Майстренки жили, не сказать, чтобы на выселках, но и не у центральной части Торжевки, на Довгой (длинной) улице. Старые Майстренки были тихие, работящие люди. Жили они небогато, свою землю обрабатывали истово, ходили в церковь по праздникам, хотя комсомольцы и косились. Дочка их, Мария, или Маня, как ее называли сельчане, была несчастна. Она была поздним ребенком, недурна собой, опрятная, но, какая-то «не от мира сего», тихая, даже слишком тихая. Ребёнком она росла приветливым, всё время проводила с родителями, которые в ней души не чаяли. Однако с соседскими ребятами и девочками ее дружба не заладилась.
Так часто бывает, когда веселая ребячья компания, случайно, хотя и по чьему-то злому наущению, выбирает себе жертву для того, чтобы дразнить. Как правило, автором такой идеи бывает какая-нибудь капризная девочка, уже научившаяся устранять возможную соперницу лёгкой сплетней или дрянной шуткой. Но жертве от этого не легче. Добрую Марию звали дылдой. Она была выше всех мальчиков и девочек на голову. Нередко ей летело в спину зелёное яблоко из-за соседского забора, бывало, что две или три девочки ходили за ней и хихикали над каждым ее застенчивым движением.
В школе она училась средне – много времени отнимала работа по хозяйству – родители быстро сдавали, уже не могли так, как раньше рваться, вот Марии и приходилось работать от зари и до зари. Ни разу не слышали старые Майстренки ни единого слова укора или жалобы от своей тихой доченьки, очень уж любила она их. Любила преданно, верно, ласково. Всё помогала, когда заболевал один из ее старых родителей, ходила в Топоров за фельдшером, случалось, что сутками не спала.
Понятно, что нарядами она не выделялась.
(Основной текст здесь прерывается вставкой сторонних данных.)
(* For every integer $n\geq 1$, $$A_{2n}(p,q)=(1+p)A_{2n-1}(p,q)+(p+q)\sum_{i=1}^{n-1}\binom{2n-1}{2i-1}A_{2i-1}(p,q)A_{2n-2i}(p,q),$$ $$A_{2n+1}(p,q)=A_{2n}(p,q)+p\sum_{i=0}^{n-1}\binom{2n}{2i}A_{2i}(p,q)A_{2n-2i}(q,p)+q\sum_{i=1}^{n}\binom{2n}{2i-1}A_{2i-1}(p,q)A_{2n-2i+1}(p,q).$$
   Context: For a permutation $\pi=a_1a_2\cdots a_n$ of $[n]=\{1,\dots,n\}$, an index $i\in[n-1]$ is a descent if $a_i>a_{i+1}$. Let $\mathrm{odes}(\pi)$ (resp. $\mathrm{edes}(\pi)$) be the number of descents $i$ of $\pi$ with $i$ odd (resp. even). For $n\ge1$ the refined Eulerian polynomial is $A_n(p,q)=\sum_{\pi\in\mathfrak S_n}p^{\mathrm{odes}(\pi)}q^{\mathrm{edes}(\pi)}$, and $A_0(p,q)=1$. *)

From HB Require Import structures.
From mathcomp Require Import all_boot all_order all_algebra all_fingroup.
Set Implicit Arguments. Unset Strict Implicit. Unset Printing Implicit Defensive.
Import GRing.Theory.

(* The one-line notation a_1 a_2 ... a_n of s : 'S_n, with values shifted to
   0..n-1 (a_{j+1} = val (s j)); shifting does not affect descents. *)
Definition perm_word (n : nat) (s : 'S_n) : seq nat := [seq val (s i) | i <- enum 'I_n].

(* Number of descents i in [n-1] (1-based) with odd i (resp. even i).
   The 1-based index i corresponds to the 0-based position j = i - 1. *)
Definition odes (n : nat) (s : 'S_n) : nat :=
  let a := perm_word s in
  \sum_(1 <= i < n) ((nth 0 a i.-1 > nth 0 a i) && odd i).
Definition edes (n : nat) (s : 'S_n) : nat :=
  let a := perm_word s in
  \sum_(1 <= i < n) ((nth 0 a i.-1 > nth 0 a i) && ~~ odd i).

(* Refined Eulerian polynomial A_n(p,q), evaluated at p, q in an arbitrary
   commutative ring (identity for all such evaluations = polynomial identity). *)
Definition A (R : comPzRingType) (n : nat) (p q : R) : R :=
  \sum_(s : 'S_n) p ^+ odes s * q ^+ edes s.

From HB Require Import structures.
From mathcomp Require Import all_boot all_order all_algebra all_fingroup.
From mathcomp Require Import zify ring.
Import GRing.Theory.
Local Open Scope ring_scope.
Set Implicit Arguments. Unset Strict Implicit. Unset Printing Implicit Defensive.

(* A permutation of 0..N is l ++ N :: r, where the values of l form a |l|-subset of 0..N-1 and
   those of r its complement.  Its descents are those of l, those of r shifted by |l| + 1, and
   N > head r at position |l| + 1; only the relative orders inside l and r matter.  Hence
     A_{N+1}(p,q) = A_N(p,q)
       + sum_{k<N} C(N,k) A_k(p,q) (if k is odd then q A_{N-k}(p,q) else p A_{N-k}(q,p)),
   and splitting k by parity gives the formula for A_{2n+1}.  For A_{2n} the length N = 2n-1 is
   odd; reverse-complementing a permutation of odd length exchanges odd and even descent
   positions, so A_m(p,q) = A_m(q,p) for odd m, and the terms with even k then match those with
   odd k under k -> N - k. *)

Lemma uniq_perm_min_size (T : eqType) (s1 s2 : seq T) :
  uniq s1 -> {subset s1 <= s2} -> (size s2 <= size s1)%N -> perm_eq s1 s2.
Proof.
move=> s1_uniq s12 le_s21; have [_ eq_s12] := uniq_min_size s1_uniq s12 le_s21.
exact: uniq_perm s1_uniq (leq_size_uniq s1_uniq s12 le_s21) eq_s12.
Qed.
Даже наоборот, хотя ее одежда была очень опрятной, но крайне поношенной. Это, конечно же, не добавляло ей привлекательности в глазах торжевской молодёжи.
Когда летом, душистыми вечерами, молодёжь и детвора собиралась на танцы, Мария всегда опаздывала на ток – площадку, где собирались парочки. Обувь тогда берегли, поэтому все шли босиком, несли туфли открыто или завернутыми в чистенькие куски материи. Потом играла гармошка, гитара, всё что-то современное, быстрые фокстроты, иногда просто трепака давили - ох уж потом было работы местному умельцу, починявшему обувь! Патефон почему-то не пользовался популярностью в довоенной Торжевке. Его включали в клубе, но парубки и девчата там как-то не собиралась. Вот на току, под гитару, да под гармошку, да ещё если кто-то мандолину добавит – вот тогда – танцы до упаду! Если дело было в июне, работы в полях ещё не было много – то вечером над током поднималась такая курява, что пыльный столб видно было из соседней Дарьевки.
Мария, как она ни торопилась, спотыкалась и убивалась по дому, могла успеть только к глубоким сумеркам, когда даже самые отъявленные танцоры уже уставали, и уже игралось что-то медленное, душевное и берущее за душу. Она прибегала босиком, так как не имела приличной обуви, стеснялась выйти в круг, становилась в тени так, чтобы не видно было, как она притоптывает большими, босыми ногами, невольно повторяя самые зажигательные па. Она следила за плавными движениями танцующих и тогда, уходя ещё глубже в тень, сжимала на груди старенький мамин платок, её сердце колотилось, а в груди поднималась грусть и лёгкая тревога.
Танцы, к неудовольствию старших, продолжались до полуночи, когда звёзды опрокидывали свою глубину над головами романтически настроенных ребят.
В вечерних разговорах и посиделках молодежи участие она хоть и принимала, но всегда, уже привычно, стояла за спинами парубков и девчат, весело о чем-то разговаривавших и что-то очень важное друг другу шептавших. И молчала, только тихонько улыбалась, слушая их такой молодой смех.
Часто над ней подшучивали, но, бывало, что очень даже обидно шутили некоторые ребята, не понимавшие ни незлобивости ее характера, ни спокойствия Марии, с которым она терпела эти издёвки. С чьей-то лёгкой, если можно так сказать о не самом красивом душевном качестве, так вот, с чьей-то лёгкой руки Мария стала объектом дежурных шуток, оживлявших скуку затянувшихся посиделок. Когда же эти издёвки становились настолько пошлы, что смех прекращался, когда неловкость закрывала рты самым хабалистым говорунам, тогда все собравшиеся переглядывались, понимая, что в очередной раз сделали слишком больно «этой дурочке Мане». А «дурочка Маня», зажавшись и ссутулившись, торопилась домой, утирая слезы кончиками платка.
4.
Этот парень болтал без умолку.
Его белые пушистые ресницы оттеняли ясно-голубые глаза, по-детски мягкое, открытое лицо выражало крайнюю степень удовольствия, можно сказать, восторга, вся его большая, нескладная, по-мальчишески угловатая фигура подпрыгивала на большом ослоне.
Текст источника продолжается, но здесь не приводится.